━━━━━ PROVIDED ENTRIES ━━━━━
Lemma Un_cv_ge u l c : Un_cv u l -> (forall n, c <= u n) -> c <= l.
Proof. intros H Hc. apply (Rle_cv_lim (Un := fun _ => c) Hc (Un_cv_const c) H). Qed.

Lemma Un_cv_shift u l : Un_cv u l -> Un_cv (fun n => u (S n)) l.
Proof. intros H eps Heps. destruct (H eps Heps) as [N HN]. exists N. intros n Hn. apply HN. lia. Qed.

Lemma Un_cv_even_odd u l :
  Un_cv (fun n => u (2 * n)%nat) l -> Un_cv (fun n => u (S (2 * n))) l -> Un_cv u l.
Proof.
  intros H1 H2 eps Heps. destruct (H1 eps Heps) as [N1 HN1]. destruct (H2 eps Heps) as [N2 HN2].
  exists (2 * (N1 + N2))%nat. intros n Hn.
  destruct (Nat.Even_or_Odd n) as [[k Hk] | [k Hk]]; subst n.
  - apply HN1. lia.
  - replace (2 * k + 1)%nat with (S (2 * k)) by lia. apply HN2. lia.
Qed.

Lemma Un_cv_pow_unbounded (z : R) (m : nat -> nat) : 0 <= z < 1 -> (forall M, (M <= m M)%nat) ->
  Un_cv (fun M => z ^ m M) 0.
Proof.
  intros Hz Hm eps Heps.
  destruct (pow_lt_1_zero z ltac:(rewrite Rabs_right; lra) eps Heps) as [N HN].
  exists N. intros n Hn. unfold Rdist. rewrite Rminus_0_r. apply HN. specialize (Hm n). lia.
Qed.

Definition seq_lim (u : nat -> R) : R := epsilon (inhabits 0) (fun l => Un_cv u l).

Lemma seq_lim_spec u : (exists l, Un_cv u l) -> Un_cv u (seq_lim u).
Proof. apply (epsilon_spec (inhabits 0) (fun l => Un_cv u l)). Qed.

Lemma zsum_eq f l : Un_cv (zpartial f) l -> zsum f = l.
Proof.
  intros H. apply (UL_sequence (zpartial f)); [| exact H].
  apply (epsilon_spec (inhabits 0) (fun l => Un_cv (zpartial f) l)). exists l; exact H.
Qed.

Lemma zpartial_0 f : zpartial f 0 = f 0%Z.
Proof. reflexivity. Qed.

Lemma zpartial_S f N :
  zpartial f (S N) = zpartial f N + f (Z.of_nat (S N)) + f (- Z.of_nat (S N))%Z.
Proof.
  unfold zpartial. replace (2 * S N)%nat with (S (S (2 * N))) by lia.
  rewrite tech5, decomp_sum by lia. simpl pred.
  rewrite (sum_eq (fun i => f (Z.of_nat (S i) - Z.of_nat (S N))%Z)
                  (fun n => f (Z.of_nat n - Z.of_nat N)%Z)) by (intros i _; f_equal; lia).
  replace (Z.of_nat 0 - Z.of_nat (S N))%Z with (- Z.of_nat (S N))%Z by lia.
  replace (Z.of_nat (S (S (2 * N))) - Z.of_nat (S N))%Z with (Z.of_nat (S N)) by lia.
  replace (N + (N + 0))%nat with (2 * N)%nat by lia. ring.
Qed.

(* [(2 j + 2) ^ 2 = S (even_sq_pred j)] and [(2 j + 1) ^ 2 = S (odd_sq_pred j)]. *)
Definition even_sq_pred (j : nat) : nat := (4 * j * j + 8 * j + 3)%nat.
Definition odd_sq_pred (j : nat) : nat := (4 * j * j + 4 * j)%nat.

Definition theta_even_partial (z : R) (N : nat) : R := 1 + 2 * pow_sum even_sq_pred z N.
Definition theta_odd_partial (z : R) (N : nat) : R := 2 * pow_sum odd_sq_pred z N.
Definition theta_even (z : R) : R := seq_lim (theta_even_partial z).
Definition theta_odd (z : R) : R := seq_lim (theta_odd_partial z).

Lemma pow_sum_even_le z N : 0 <= z < 1 -> pow_sum even_sq_pred z N <= z ^ 4 * / (1 - z ^ 8).
Proof.
  intros Hz. apply (pow_sum_le_geom _ z 3 8); [auto | lia | intros j; unfold even_sq_pred; nia].
Qed.

Lemma pow_sum_odd_le z N : 0 <= z < 1 -> pow_sum odd_sq_pred z N <= z * / (1 - z ^ 8).
Proof.
  intros Hz. replace (z * / (1 - z ^ 8)) with (z ^ 1 * / (1 - z ^ 8)) by ring.
  apply (pow_sum_le_geom _ z 0 8); [auto | lia | intros j; unfold odd_sq_pred; nia].
Qed.

Lemma pow_sum_even_le_odd z N : 0 <= z <= 1 -> pow_sum even_sq_pred z N <= pow_sum odd_sq_pred z N.
Proof.
  intros Hz. apply sum_lt_le. intros j. apply pow_le_pow_le1; auto.
  unfold even_sq_pred, odd_sq_pred. lia.
Qed.

Lemma theta_even_partial_cv z : 0 <= z < 1 -> Un_cv (theta_even_partial z) (theta_even z).
Proof.
  intros Hz. apply seq_lim_spec.
  assert (Hg : Un_growing (theta_even_partial z)).
  { intros n. unfold theta_even_partial.
    assert (H := pow_sum_le_succ even_sq_pred z n ltac:(lra)). lra. }
  assert (Hb : has_ub (theta_even_partial z)).
  { exists (1 + 2 * (z ^ 4 * / (1 - z ^ 8))). intros v [n ->]. unfold theta_even_partial.
    assert (H := pow_sum_even_le z n Hz). lra. }
  destruct (growing_cv _ Hg Hb) as [l Hl]. exists l; auto.
Qed.

Lemma theta_odd_partial_cv z : 0 <= z < 1 -> Un_cv (theta_odd_partial z) (theta_odd z).
Proof.
  intros Hz. apply seq_lim_spec.
  assert (Hg : Un_growing (theta_odd_partial z)).
  { intros n. unfold theta_odd_partial.
    assert (H := pow_sum_le_succ odd_sq_pred z n ltac:(lra)). lra. }
  assert (Hb : has_ub (theta_odd_partial z)).
  { exists (2 * (z * / (1 - z ^ 8))). intros v [n ->]. unfold theta_odd_partial.
    assert (H := pow_sum_odd_le z n Hz). lra. }
  destruct (growing_cv _ Hg Hb) as [l Hl]. exists l; auto.
Qed.

Lemma theta_even_bounds z : 0 <= z < 1 -> 1 <= theta_even z <= 1 + 2 * (z ^ 4 * / (1 - z ^ 8)).
Proof.
  intros Hz. assert (H := theta_even_partial_cv z Hz). unfold theta_even_partial in H. split.
  - apply (Un_cv_ge _ _ 1 H). intros n.
    assert (0 <= pow_sum even_sq_pred z n) by (apply pow_sum_ge0; lra). lra.
  - apply (Un_cv_le _ _ _ H). intros n. assert (H' := pow_sum_even_le z n Hz). lra.
Qed.

Lemma theta_odd_bounds z : 0 <= z < 1 -> 0 <= theta_odd z <= 2 * (z * / (1 - z ^ 8)).
Proof.
  intros Hz. assert (H := theta_odd_partial_cv z Hz). unfold theta_odd_partial in H. split.
  - apply (Un_cv_ge _ _ 0 H). intros n.
    assert (0 <= pow_sum odd_sq_pred z n) by (apply pow_sum_ge0; lra). lra.
  - apply (Un_cv_le _ _ _ H). intros n. assert (H' := pow_sum_odd_le z n Hz). lra.
Qed.

Definition nome (t : R) : R := exp (- PI * t).

Lemma nome_bounds t : 0 < t -> 0 < nome t < 1.
Proof.
  intros Ht. unfold nome. split; [apply exp_pos |]. rewrite <- exp_0. apply exp_increasing.
  assert (0 < PI) by apply PI_RGT_0. nra.
Qed.

Lemma exp_sq_nome (t : R) (k : nat) : exp (- PI * INR k ^ 2 * t) = nome t ^ (k * k).
Proof. unfold nome. rewrite <- exp_mul_INR. f_equal. rewrite mult_INR. ring. Qed.

Fixpoint signed_sq_sum (z : R) (N : nat) : R :=
  match N with O => 0 | S M => signed_sq_sum z M + (-1) ^ S M * z ^ (S M * S M) end.

Lemma zpartial_theta4 t N :
  zpartial (fun k => powerRZ (-1) k * exp (- PI * IZR k ^ 2 * t)) N =
  1 + 2 * signed_sq_sum (nome t) N.
Proof.
  induction N.
  - rewrite zpartial_0. simpl. replace (- PI * (0 * (0 * 1)) * t) with 0 by ring. rewrite exp_0. ring.
  - rewrite zpartial_S, IHN, <- pow_powerRZ, powerRZ_neg', <- pow_powerRZ, opp_IZR, <- INR_IZR_INZ.
    replace ((- INR (S N)) ^ 2) with (INR (S N) ^ 2) by ring.
    rewrite exp_sq_nome, <- pow_inv. cbn [signed_sq_sum].
    replace (/ -1) with (-1) by field. ring.
Qed.

Lemma signed_sq_sum_even z M :
  signed_sq_sum z (2 * M) = pow_sum even_sq_pred z M - pow_sum odd_sq_pred z M.
Proof.
  induction M; [unfold pow_sum; simpl; ring |].
  replace (2 * S M)%nat with (S (S (2 * M))) by lia. cbn [signed_sq_sum]. rewrite IHM.
  unfold pow_sum. cbn [sum_lt].
  rewrite pow_1_odd. replace (S (S (2 * M))) with (2 * S M)%nat by lia. rewrite pow_1_even.
  replace (S (2 * M) * S (2 * M))%nat with (S (odd_sq_pred M)) by (unfold odd_sq_pred; nia).
  replace (2 * S M * (2 * S M))%nat with (S (even_sq_pred M)) by (unfold even_sq_pred; nia).
  ring.
Qed.

Lemma signed_sq_sum_odd z M :
  signed_sq_sum z (S (2 * M)) =
  pow_sum even_sq_pred z M - pow_sum odd_sq_pred z M - z ^ S (odd_sq_pred M).
Proof.
  cbn [signed_sq_sum]. rewrite signed_sq_sum_even, pow_1_odd.
  replace (S (2 * M) * S (2 * M))%nat with (S (odd_sq_pred M)) by (unfold odd_sq_pred; nia). ring.
Qed.

Lemma signed_sq_sum_even_cv z : 0 <= z < 1 ->
  Un_cv (fun N => 1 + 2 * signed_sq_sum z (2 * N)) (theta_even z - theta_odd z).
Proof.
  intros Hz. apply (Un_cv_ext (fun N => theta_even_partial z N - theta_odd_partial z N)).
  { intros n. rewrite signed_sq_sum_even. unfold theta_even_partial, theta_odd_partial. ring. }
  apply CV_minus; [apply theta_even_partial_cv | apply theta_odd_partial_cv]; auto.
Qed.

Lemma Un_cv_pow_odd_sq z : 0 <= z < 1 -> Un_cv (fun n => z ^ S (odd_sq_pred n)) 0.
Proof. intros Hz. apply Un_cv_pow_unbounded; auto. intros M; unfold odd_sq_pred; nia. Qed.

Lemma theta4_nome t : 0 < t -> theta4 t = theta_even (nome t) - theta_odd (nome t).
Proof.
  intros Ht. assert (Hz : 0 <= nome t < 1) by (destruct (nome_bounds t Ht); lra).
  unfold theta4. apply zsum_eq. apply Un_cv_even_odd.
  - apply (Un_cv_ext (fun n => 1 + 2 * signed_sq_sum (nome t) (2 * n))).
    { intros n. rewrite zpartial_theta4. reflexivity. }
    apply signed_sq_sum_even_cv; auto.
  - apply (Un_cv_ext
      (fun n => (1 + 2 * signed_sq_sum (nome t) (2 * n)) - 2 * nome t ^ S (odd_sq_pred n))).
    { intros n. rewrite zpartial_theta4, signed_sq_sum_odd, signed_sq_sum_even. ring. }
    replace (theta_even (nome t) - theta_odd (nome t))
      with ((theta_even (nome t) - theta_odd (nome t)) - 2 * 0) by ring.
    apply CV_minus; [apply signed_sq_sum_even_cv; auto |].
    apply CV_mult; [apply Un_cv_const | apply Un_cv_pow_odd_sq; auto].
Qed.

Lemma exp_odd_sq_nome t (k : Z) (j : nat) :
  (2 * k + 1 = Z.of_nat (2 * j + 1) \/ 2 * k + 1 = - Z.of_nat (2 * j + 1))%Z ->
  exp (- PI * IZR (2 * k + 1) ^ 2 * t) = nome t ^ S (odd_sq_pred j).
Proof.
  intros Hk. replace (IZR (2 * k + 1) ^ 2) with (INR (2 * j + 1) ^ 2).
  - rewrite exp_sq_nome. f_equal. unfold odd_sq_pred. nia.
  - rewrite INR_IZR_INZ. destruct Hk as [-> | ->]; [| rewrite opp_IZR]; ring.
Qed.

Lemma zpartial_thetao t N :
  zpartial (fun k => exp (- PI * IZR (2 * k + 1) ^ 2 * t)) N =
  theta_odd_partial (nome t) N + nome t ^ S (odd_sq_pred N).
Proof.
  unfold theta_odd_partial, pow_sum. induction N.
  - rewrite zpartial_0, (exp_odd_sq_nome t 0 0) by (left; reflexivity). simpl. ring.
  - rewrite zpartial_S, IHN, (exp_odd_sq_nome t (- Z.of_nat (S N)) N) by (right; lia).
    rewrite (exp_odd_sq_nome t (Z.of_nat (S N)) (S N)) by (left; lia).
    cbn [sum_lt]. ring.
Qed.

Lemma thetao_nome t : 0 < t -> thetao t = theta_odd (nome t).
Proof.
  intros Ht. assert (Hz : 0 <= nome t < 1) by (destruct (nome_bounds t Ht); lra).
  unfold thetao. apply zsum_eq.
  apply (Un_cv_ext (fun n => theta_odd_partial (nome t) n + nome t ^ S (odd_sq_pred n))).
  { intros n. rewrite zpartial_thetao. reflexivity. }
  rewrite <- (Rplus_0_r (theta_odd (nome t))).
  apply CV_plus; [apply theta_odd_partial_cv | apply Un_cv_pow_odd_sq]; auto.
Qed.

Definition Phi (a b c d : R) : R := (a - b) * (c - d) - 2 * b * d.

Definition Fq (x y : R) : R := Phi (theta_even x) (theta_odd x) (theta_even y) (theta_odd y).

Lemma Fr_nome r s : 0 < r -> 0 < s -> Fr r s = Fq (nome (r * s)) (nome (r / s)).
Proof.
  intros Hr Hs. unfold Fr, Fq, Phi.
  rewrite !theta4_nome, !thetao_nome; [ring | apply Rdiv_lt_0_compat | | apply Rdiv_lt_0_compat |];
    auto; nra.
Qed.

(** * Three close nomes *)

Lemma pow_sum_sub_le_scaled m x y N c : 0 <= x <= y -> pow_sum_d1 m y N <= c ->
  0 <= pow_sum m y N - pow_sum m x N <= (y - x) * c.
Proof.
  intros Hxy Hc. destruct (pow_sum_sub_bounds m x y N Hxy) as [H1 H2].
  assert ((y - x) * pow_sum_d1 m y N <= (y - x) * c) by (apply Rmult_le_compat_l; lra). lra.
Qed.

Lemma pow_sum_second_diff_le_scaled m x e y N c1 c2 :
  0 <= x <= e -> e <= y -> 0 <= x + y - 2 * e ->
  pow_sum_d1 m y N <= c1 -> 0 <= pow_sum_d2 m y N <= c2 ->
  0 <= pow_sum m x N + pow_sum m y N - 2 * pow_sum m e N <=
  (x + y - 2 * e) * c1 + ((e - x) * (y - e)) * c2.
Proof.
  intros H1 H2 H3 Hc1 Hc2.
  destruct (pow_sum_second_diff_bounds m x e y N H1 H2 H3) as [L U].
  assert ((x + y - 2 * e) * pow_sum_d1 m y N <= (x + y - 2 * e) * c1)
    by (apply Rmult_le_compat_l; lra).
  assert (0 <= (e - x) * (y - e)) by (apply Rmult_le_pos; lra).
  assert ((e - x) * (y - e) * pow_sum_d2 m y N <= (e - x) * (y - e) * c2)
    by (apply Rmult_le_compat_l; lra).
  lra.
Qed.

Lemma pow_sum_d1_even_le z N : 0 <= z <= 1 / 6 -> pow_sum_d1 even_sq_pred z N <= 1 / 20.
Proof.
  intros Hz.
  eapply Rle_trans; [apply (pow_sum_d1_le_geom _ z 3 8); try lra; try lia;
                     intros j; unfold even_sq_pred; nia |].
  eapply Rle_trans; [apply (geom_tail_le_mono (2 * z) (1 / 3) 3 8); lra || lia |].
  replace (/ (1 - (1 / 3) ^ 8)) with (6561 / 6560) by (simpl; field). simpl. lra.
Qed.

Lemma pow_sum_d2_even_bounds z N : 0 <= z <= 1 / 6 -> 0 <= pow_sum_d2 even_sq_pred z N <= 3 / 5.
Proof.
  intros Hz. split.
  { apply sum_lt_ge0. intros j. repeat apply Rmult_le_pos; try apply pos_INR. apply pow_le; lra. }
  eapply Rle_trans; [apply (pow_sum_d2_le_geom _ z 2 8); try lra; try lia;
                     intros j; unfold even_sq_pred; rewrite Nat.add_succ_r; simpl pred; nia |].
  assert (H := geom_tail_le_mono (3 * z) (1 / 2) 2 8 ltac:(lra) ltac:(lra) ltac:(lia)).
  replace (/ (1 - (1 / 2) ^ 8)) with (256 / 255) in H by (simpl; field).
  replace ((1 / 2) ^ 2) with (1 / 4) in H by (simpl; field). lra.
Qed.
━━━━━
EXERCISE GOAL: Could you repeat exactly the lines above from the line with "replace (theta_even (nome" up to and including the line with "- rewrite exp_sq_nome.", and only those?

OUTPUT FOR THIS TASK:
    replace (theta_even (nome t) - theta_odd (nome t))
      with ((theta_even (nome t) - theta_odd (nome t)) - 2 * 0) by ring.
    apply CV_minus; [apply signed_sq_sum_even_cv; auto |].
    apply CV_mult; [apply Un_cv_const | apply Un_cv_pow_odd_sq; auto].
Qed.

Lemma exp_odd_sq_nome t (k : Z) (j : nat) :
  (2 * k + 1 = Z.of_nat (2 * j + 1) \/ 2 * k + 1 = - Z.of_nat (2 * j + 1))%Z ->
  exp (- PI * IZR (2 * k + 1) ^ 2 * t) = nome t ^ S (odd_sq_pred j).
Proof.
  intros Hk. replace (IZR (2 * k + 1) ^ 2) with (INR (2 * j + 1) ^ 2).
  - rewrite exp_sq_nome. f_equal. unfold odd_sq_pred. nia.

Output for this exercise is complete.